__Data for analysis__
=== Begin Enclosure ===

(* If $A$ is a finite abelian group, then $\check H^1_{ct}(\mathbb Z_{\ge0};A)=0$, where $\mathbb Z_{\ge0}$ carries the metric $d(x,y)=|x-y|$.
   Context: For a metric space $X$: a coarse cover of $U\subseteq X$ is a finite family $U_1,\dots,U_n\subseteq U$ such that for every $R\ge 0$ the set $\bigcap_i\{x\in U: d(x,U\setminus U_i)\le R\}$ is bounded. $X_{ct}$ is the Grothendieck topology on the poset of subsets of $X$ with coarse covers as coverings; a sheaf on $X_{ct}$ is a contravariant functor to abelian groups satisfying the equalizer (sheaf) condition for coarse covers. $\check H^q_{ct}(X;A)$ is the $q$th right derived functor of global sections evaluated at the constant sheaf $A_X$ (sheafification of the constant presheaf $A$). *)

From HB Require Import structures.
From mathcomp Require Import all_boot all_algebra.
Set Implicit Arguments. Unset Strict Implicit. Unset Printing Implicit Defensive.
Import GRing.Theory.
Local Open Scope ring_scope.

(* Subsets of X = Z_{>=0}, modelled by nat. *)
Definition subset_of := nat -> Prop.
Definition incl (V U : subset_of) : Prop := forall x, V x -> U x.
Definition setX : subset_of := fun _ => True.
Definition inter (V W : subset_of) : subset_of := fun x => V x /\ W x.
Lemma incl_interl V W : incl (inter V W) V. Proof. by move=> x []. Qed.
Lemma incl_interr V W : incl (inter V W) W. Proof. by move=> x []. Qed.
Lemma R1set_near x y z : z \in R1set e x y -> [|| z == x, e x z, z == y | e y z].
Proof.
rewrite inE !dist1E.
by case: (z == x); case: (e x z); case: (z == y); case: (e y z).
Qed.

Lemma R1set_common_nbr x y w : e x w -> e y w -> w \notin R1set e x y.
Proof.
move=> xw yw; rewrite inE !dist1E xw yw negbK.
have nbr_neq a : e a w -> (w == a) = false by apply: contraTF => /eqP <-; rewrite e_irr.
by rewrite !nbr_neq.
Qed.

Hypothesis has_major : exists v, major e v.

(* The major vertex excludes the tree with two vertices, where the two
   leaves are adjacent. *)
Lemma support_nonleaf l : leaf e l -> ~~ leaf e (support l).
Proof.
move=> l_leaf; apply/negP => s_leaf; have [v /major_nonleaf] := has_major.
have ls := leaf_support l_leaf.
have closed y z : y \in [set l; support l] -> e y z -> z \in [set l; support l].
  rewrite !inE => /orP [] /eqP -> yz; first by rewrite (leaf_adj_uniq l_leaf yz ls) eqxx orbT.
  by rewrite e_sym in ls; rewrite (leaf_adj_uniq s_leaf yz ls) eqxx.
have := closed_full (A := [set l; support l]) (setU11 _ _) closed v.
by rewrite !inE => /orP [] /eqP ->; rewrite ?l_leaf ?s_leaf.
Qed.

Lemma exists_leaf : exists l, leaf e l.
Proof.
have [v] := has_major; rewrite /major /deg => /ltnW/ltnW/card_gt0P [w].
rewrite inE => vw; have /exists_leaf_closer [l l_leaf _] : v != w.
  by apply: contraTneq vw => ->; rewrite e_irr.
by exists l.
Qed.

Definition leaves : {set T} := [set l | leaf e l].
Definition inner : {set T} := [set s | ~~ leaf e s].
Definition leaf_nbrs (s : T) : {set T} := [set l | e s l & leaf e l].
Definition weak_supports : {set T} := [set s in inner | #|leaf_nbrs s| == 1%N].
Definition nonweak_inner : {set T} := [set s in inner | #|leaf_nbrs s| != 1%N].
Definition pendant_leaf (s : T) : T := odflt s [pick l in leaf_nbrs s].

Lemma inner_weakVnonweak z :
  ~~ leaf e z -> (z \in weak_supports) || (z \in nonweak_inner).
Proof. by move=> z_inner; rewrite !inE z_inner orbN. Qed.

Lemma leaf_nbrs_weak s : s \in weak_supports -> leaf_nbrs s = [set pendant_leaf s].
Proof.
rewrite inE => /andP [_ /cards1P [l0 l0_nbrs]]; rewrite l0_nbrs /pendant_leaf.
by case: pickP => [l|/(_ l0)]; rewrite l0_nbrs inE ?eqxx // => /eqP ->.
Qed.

=== End Enclosure ===
=== Begin Enclosure ===

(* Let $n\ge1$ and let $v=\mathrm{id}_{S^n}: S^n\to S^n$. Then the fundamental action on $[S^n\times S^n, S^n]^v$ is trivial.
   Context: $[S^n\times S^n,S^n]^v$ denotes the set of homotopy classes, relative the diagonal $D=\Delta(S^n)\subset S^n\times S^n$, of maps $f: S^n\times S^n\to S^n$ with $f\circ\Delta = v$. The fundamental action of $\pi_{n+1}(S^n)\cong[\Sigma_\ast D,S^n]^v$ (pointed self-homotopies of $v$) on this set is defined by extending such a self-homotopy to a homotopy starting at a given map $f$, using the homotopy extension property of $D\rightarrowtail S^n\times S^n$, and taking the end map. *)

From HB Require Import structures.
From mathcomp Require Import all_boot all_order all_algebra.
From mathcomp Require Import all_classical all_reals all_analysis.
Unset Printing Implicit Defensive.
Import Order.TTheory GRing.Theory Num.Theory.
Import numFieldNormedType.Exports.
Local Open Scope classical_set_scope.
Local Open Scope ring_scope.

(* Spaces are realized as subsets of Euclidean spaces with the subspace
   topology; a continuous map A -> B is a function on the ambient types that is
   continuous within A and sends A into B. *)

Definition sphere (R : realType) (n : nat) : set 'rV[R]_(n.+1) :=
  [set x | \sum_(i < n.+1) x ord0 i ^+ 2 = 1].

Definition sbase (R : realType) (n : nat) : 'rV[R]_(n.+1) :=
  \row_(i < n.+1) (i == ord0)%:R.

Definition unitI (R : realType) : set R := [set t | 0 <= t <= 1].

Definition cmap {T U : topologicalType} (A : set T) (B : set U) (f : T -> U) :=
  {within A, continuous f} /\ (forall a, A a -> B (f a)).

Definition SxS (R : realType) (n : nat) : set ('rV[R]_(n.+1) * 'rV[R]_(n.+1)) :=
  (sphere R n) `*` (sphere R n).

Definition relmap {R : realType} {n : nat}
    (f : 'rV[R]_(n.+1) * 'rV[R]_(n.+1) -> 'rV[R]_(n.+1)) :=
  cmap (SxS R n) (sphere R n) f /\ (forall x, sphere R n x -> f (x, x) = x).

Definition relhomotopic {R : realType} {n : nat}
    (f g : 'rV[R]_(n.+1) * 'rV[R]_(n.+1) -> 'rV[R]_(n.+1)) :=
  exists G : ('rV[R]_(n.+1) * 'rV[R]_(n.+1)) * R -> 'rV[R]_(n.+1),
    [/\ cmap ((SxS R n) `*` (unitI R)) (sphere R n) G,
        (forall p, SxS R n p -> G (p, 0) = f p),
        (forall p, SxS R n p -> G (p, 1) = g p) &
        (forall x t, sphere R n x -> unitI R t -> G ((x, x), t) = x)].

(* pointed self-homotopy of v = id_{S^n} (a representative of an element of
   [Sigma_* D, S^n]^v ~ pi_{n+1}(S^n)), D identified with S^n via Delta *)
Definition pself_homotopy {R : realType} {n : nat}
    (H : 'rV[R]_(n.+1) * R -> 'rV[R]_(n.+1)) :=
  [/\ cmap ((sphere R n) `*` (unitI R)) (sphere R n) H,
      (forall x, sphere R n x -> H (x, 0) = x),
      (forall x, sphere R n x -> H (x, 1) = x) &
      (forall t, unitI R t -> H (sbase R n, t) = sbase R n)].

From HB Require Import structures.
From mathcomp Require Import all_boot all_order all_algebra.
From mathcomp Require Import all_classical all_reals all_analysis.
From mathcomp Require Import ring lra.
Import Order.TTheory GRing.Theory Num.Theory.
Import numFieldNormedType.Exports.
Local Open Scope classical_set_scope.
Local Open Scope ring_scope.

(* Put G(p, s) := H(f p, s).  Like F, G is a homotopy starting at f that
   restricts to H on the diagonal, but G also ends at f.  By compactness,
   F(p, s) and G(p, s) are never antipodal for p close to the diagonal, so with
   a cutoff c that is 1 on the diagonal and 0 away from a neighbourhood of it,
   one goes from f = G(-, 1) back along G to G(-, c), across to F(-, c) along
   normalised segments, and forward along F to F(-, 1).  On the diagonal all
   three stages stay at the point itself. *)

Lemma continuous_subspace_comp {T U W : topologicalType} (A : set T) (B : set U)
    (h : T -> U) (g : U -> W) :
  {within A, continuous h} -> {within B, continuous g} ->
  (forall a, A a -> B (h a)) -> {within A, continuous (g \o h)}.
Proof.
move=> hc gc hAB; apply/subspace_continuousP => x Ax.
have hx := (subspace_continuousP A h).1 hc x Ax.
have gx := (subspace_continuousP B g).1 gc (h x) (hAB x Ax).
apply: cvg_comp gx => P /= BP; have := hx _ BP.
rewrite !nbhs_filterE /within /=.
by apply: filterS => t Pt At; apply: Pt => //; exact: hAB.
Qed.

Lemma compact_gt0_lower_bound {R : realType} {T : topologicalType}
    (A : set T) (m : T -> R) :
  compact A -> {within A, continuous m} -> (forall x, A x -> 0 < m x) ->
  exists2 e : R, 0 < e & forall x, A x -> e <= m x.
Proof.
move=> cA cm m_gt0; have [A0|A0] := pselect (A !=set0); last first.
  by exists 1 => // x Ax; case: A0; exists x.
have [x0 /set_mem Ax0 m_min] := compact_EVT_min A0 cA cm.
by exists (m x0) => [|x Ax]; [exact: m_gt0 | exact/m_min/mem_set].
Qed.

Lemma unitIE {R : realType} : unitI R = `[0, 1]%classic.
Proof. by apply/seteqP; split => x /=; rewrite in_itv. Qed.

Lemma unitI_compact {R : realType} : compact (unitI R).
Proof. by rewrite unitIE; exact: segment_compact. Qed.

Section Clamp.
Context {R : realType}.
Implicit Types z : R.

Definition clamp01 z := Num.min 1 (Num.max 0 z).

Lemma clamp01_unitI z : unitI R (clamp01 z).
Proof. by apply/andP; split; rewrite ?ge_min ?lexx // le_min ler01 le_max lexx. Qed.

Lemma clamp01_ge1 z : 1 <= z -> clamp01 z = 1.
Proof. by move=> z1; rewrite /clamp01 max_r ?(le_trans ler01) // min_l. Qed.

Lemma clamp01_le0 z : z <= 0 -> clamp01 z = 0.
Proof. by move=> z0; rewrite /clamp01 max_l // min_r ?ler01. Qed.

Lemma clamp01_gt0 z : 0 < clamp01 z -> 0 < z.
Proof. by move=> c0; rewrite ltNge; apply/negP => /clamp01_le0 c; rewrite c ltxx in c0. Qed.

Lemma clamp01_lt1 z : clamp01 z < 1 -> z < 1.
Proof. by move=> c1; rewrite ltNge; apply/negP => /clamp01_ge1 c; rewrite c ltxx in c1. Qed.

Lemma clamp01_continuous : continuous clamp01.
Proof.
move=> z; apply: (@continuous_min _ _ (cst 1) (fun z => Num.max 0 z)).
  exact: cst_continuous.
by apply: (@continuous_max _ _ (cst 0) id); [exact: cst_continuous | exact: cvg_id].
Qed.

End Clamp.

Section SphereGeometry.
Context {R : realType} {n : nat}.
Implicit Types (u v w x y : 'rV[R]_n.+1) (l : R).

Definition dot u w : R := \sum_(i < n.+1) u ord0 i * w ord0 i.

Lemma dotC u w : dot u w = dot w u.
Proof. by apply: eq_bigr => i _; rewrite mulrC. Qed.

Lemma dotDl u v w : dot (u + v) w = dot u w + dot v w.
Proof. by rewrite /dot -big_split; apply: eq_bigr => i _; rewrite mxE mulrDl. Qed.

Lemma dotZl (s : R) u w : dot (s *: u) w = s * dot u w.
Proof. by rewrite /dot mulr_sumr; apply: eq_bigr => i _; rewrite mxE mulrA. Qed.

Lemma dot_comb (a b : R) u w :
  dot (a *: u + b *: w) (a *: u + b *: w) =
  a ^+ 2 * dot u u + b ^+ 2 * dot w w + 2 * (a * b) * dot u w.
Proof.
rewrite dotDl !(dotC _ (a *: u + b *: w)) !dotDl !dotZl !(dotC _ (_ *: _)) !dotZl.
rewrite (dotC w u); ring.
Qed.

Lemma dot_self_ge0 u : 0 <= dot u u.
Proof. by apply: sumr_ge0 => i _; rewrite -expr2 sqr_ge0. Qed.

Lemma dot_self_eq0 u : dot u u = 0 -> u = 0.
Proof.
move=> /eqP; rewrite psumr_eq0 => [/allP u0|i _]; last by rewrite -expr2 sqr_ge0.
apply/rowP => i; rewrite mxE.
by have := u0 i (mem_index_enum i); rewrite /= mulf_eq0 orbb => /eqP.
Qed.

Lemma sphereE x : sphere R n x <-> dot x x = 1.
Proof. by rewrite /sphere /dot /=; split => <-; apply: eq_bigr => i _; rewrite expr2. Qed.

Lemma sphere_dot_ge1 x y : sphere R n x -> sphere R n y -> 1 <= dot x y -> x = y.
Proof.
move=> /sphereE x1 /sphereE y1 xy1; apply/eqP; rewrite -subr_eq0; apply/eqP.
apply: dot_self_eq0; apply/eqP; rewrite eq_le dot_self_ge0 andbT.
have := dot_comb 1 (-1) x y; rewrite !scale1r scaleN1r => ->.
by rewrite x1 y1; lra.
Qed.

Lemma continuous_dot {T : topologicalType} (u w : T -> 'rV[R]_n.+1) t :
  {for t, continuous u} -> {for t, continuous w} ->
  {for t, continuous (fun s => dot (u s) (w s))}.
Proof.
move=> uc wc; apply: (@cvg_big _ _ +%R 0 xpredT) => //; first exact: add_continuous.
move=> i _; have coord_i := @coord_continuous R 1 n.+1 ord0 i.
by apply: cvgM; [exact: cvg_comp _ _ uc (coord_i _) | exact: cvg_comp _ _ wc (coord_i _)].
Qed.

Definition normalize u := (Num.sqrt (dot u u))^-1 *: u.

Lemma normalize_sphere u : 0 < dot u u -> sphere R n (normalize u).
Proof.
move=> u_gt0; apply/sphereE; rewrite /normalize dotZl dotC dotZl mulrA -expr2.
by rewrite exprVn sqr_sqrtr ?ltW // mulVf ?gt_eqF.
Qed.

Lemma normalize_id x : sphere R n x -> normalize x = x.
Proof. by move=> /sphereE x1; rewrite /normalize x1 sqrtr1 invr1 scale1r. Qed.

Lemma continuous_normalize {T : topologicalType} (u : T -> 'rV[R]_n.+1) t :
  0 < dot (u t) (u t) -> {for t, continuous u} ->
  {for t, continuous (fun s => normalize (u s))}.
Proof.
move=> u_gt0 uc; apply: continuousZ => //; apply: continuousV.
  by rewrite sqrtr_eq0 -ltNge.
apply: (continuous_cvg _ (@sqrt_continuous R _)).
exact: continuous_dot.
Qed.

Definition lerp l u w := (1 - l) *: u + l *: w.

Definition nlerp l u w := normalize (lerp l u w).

=== End Enclosure ===

__Task instructions__
In the entries above, which lines hold the word "check"? Copy them out.

__Answer for the task__
(* If $A$ is a finite abelian group, then $\check H^1_{ct}(\mathbb Z_{\ge0};A)=0$, where $\mathbb Z_{\ge0}$ carries the metric $d(x,y)=|x-y|$.
   Context: For a metric space $X$: a coarse cover of $U\subseteq X$ is a finite family $U_1,\dots,U_n\subseteq U$ such that for every $R\ge 0$ the set $\bigcap_i\{x\in U: d(x,U\setminus U_i)\le R\}$ is bounded. $X_{ct}$ is the Grothendieck topology on the poset of subsets of $X$ with coarse covers as coverings; a sheaf on $X_{ct}$ is a contravariant functor to abelian groups satisfying the equalizer (sheaf) condition for coarse covers. $\check H^q_{ct}(X;A)$ is the $q$th right derived functor of global sections evaluated at the constant sheaf $A_X$ (sheafification of the constant presheaf $A$). *)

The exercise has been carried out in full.